Coal, which plummeted by 12.6%, and diamonds, which plunged by 45.3%, were the largest negative contributions.
These two commodities contributed -3.7 and -2.5 percentage points to the overall figure, respectively.
Iron ore, on the other hand, increased by 30.6% and contributed 3.1 percentage points, offsetting the negative contributions of coal and diamonds.
Seasonally adjusted mining production fell 4.9% in February compared to January, after falling 3.3% in January and 0.6% in December.
Furthermore, seasonally adjusted mining production fell 0.3% in the three months ending February compared to the preceding three months.
Diamonds were the highest negative contributor, once again, falling by 23.9% and contributing -1.1 percentage points.

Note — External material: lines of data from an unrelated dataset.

(* Let $\{x_i\}_{i\in[N]}$ be the global solution of the delayed consensus system described in the context. Then for almost all $t>2\tau$, \[ \frac{\mathrm d}{\mathrm dt}d_x(t)\le 2\int_{t-\tau}^t d_x(s-\tau)\,\mathrm ds+2\int_{t-\sigma}^t d_x(s-\tau)\,\mathrm ds+2\int_{t-\tau}^t\int_{s-\tau}^s\max_{l\in[N]}|\dot x_l(r)|\,\mathrm dr\,\mathrm ds+2\int_{t-\sigma}^t\int_{s-\tau}^s\max_{l\in[N]}|\dot x_l(r)|\,\mathrm dr\,\mathrm ds-N\underline a(t)d_x(t), \] where $\underline a(t):=\min_{i,j\in[N]}a_{ij}(t)$.
   Context: Let $N\ge2$, $d\ge1$ be integers, $[N]=\{1,\dots,N\}$, $0\le\sigma\le\tau$. Let $\psi:[0,\infty)\to[0,\infty)$ be continuous, nonincreasing, positive everywhere, with $\sup\psi\le1$. Given $x_i^0\in C([-\tau,0],\mathbb{R}^d)$, $\{x_i\}$ is the global solution (continuous on $[-\tau,\infty)$, continuously differentiable on $[0,\infty)$) of $\dot x_i(t)=\sum_{j\ne i}a_{ij}(t)(x_j(t-\tau)-x_i(t-\sigma))$ for $t>0$, with $a_{ij}(t)=\frac1{N-1}\psi(|x_i(t-\sigma)-x_j(t-\tau)|)$ for all $i,j\in[N]$, and $x_i=x_i^0$ on $[-\tau,0]$. $d_x(t):=\max_{i,j\in[N]}|x_i(t)-x_j(t)|$. *)

From HB Require Import structures.
From mathcomp Require Import all_boot all_order all_algebra.
From mathcomp Require Import all_classical all_reals all_analysis.
Set Implicit Arguments. Unset Strict Implicit. Unset Printing Implicit Defensive.
Import Order.TTheory GRing.Theory Num.Theory.
Import numFieldNormedType.Exports.
Local Open Scope classical_set_scope.
Local Open Scope ring_scope.

Section Defs.
Variable R : realType.

Definition enorm (d : nat) (v : 'rV[R]_d) : R :=
  Num.sqrt (\sum_(k < d) (v ord0 k) ^+ 2).

(* minimum of a function over a finite type (0 if the type is empty) *)
Definition fmin (T : finType) (f : T -> R) : R :=
  if [pick i : T] is Some i0 then \big[Num.min/f i0]_(i : T) f i else 0.

Definition aij (N d : nat) (psi : R -> R) (sigma tau : R)
  (x : 'I_N -> R -> 'rV[R]_d) (i j : 'I_N) (t : R) : R :=
  (N.-1%:R)^-1 * psi (enorm (x i (t - sigma) - x j (t - tau))).

Definition amin (N d : nat) (psi : R -> R) (sigma tau : R)
  (x : 'I_N -> R -> 'rV[R]_d) (t : R) : R :=
  fmin (fun p : 'I_N * 'I_N => aij psi sigma tau x p.1 p.2 t).

Definition diam (N d : nat) (x : 'I_N -> R -> 'rV[R]_d) (t : R) : R :=
  \big[Num.max/0]_(i < N) \big[Num.max/0]_(j < N) enorm (x i t - x j t).

Definition maxvel (N d : nat) (x : 'I_N -> R -> 'rV[R]_d) (r : R) : R :=
  \big[Num.max/0]_(l < N) enorm ('D_1 (x l) r).

End Defs.

From HB Require Import structures.
From mathcomp Require Import all_boot all_order all_algebra.
From mathcomp Require Import all_classical all_reals all_analysis.
From mathcomp Require Import ring lra.
Import Order.TTheory GRing.Theory Num.Theory.
Import numFieldNormedType.Exports.
Local Open Scope classical_set_scope.
Local Open Scope ring_scope.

Platinum group metals (PGMs) contributed the most, growing by 4.3% and contributing one percentage point.
Meanwhile, mineral sales at current prices fell 6.9% year on year in February, with PGMs accounting for 24.1% of the reduction and coal accounting for 11.4%. Other non-metallic minerals fell by 29.8%, accounting for -1.4 percentage points, while iron ore fell by 7.4%, accounting for -1 percentage point.
Chromium ore and gold, on the other hand, were large positive contributors, growing by 128.1% and 37.8%, respectively. Gold contributed 3.6 percentage points, whereas chromium ore gave 3.6 percentage points.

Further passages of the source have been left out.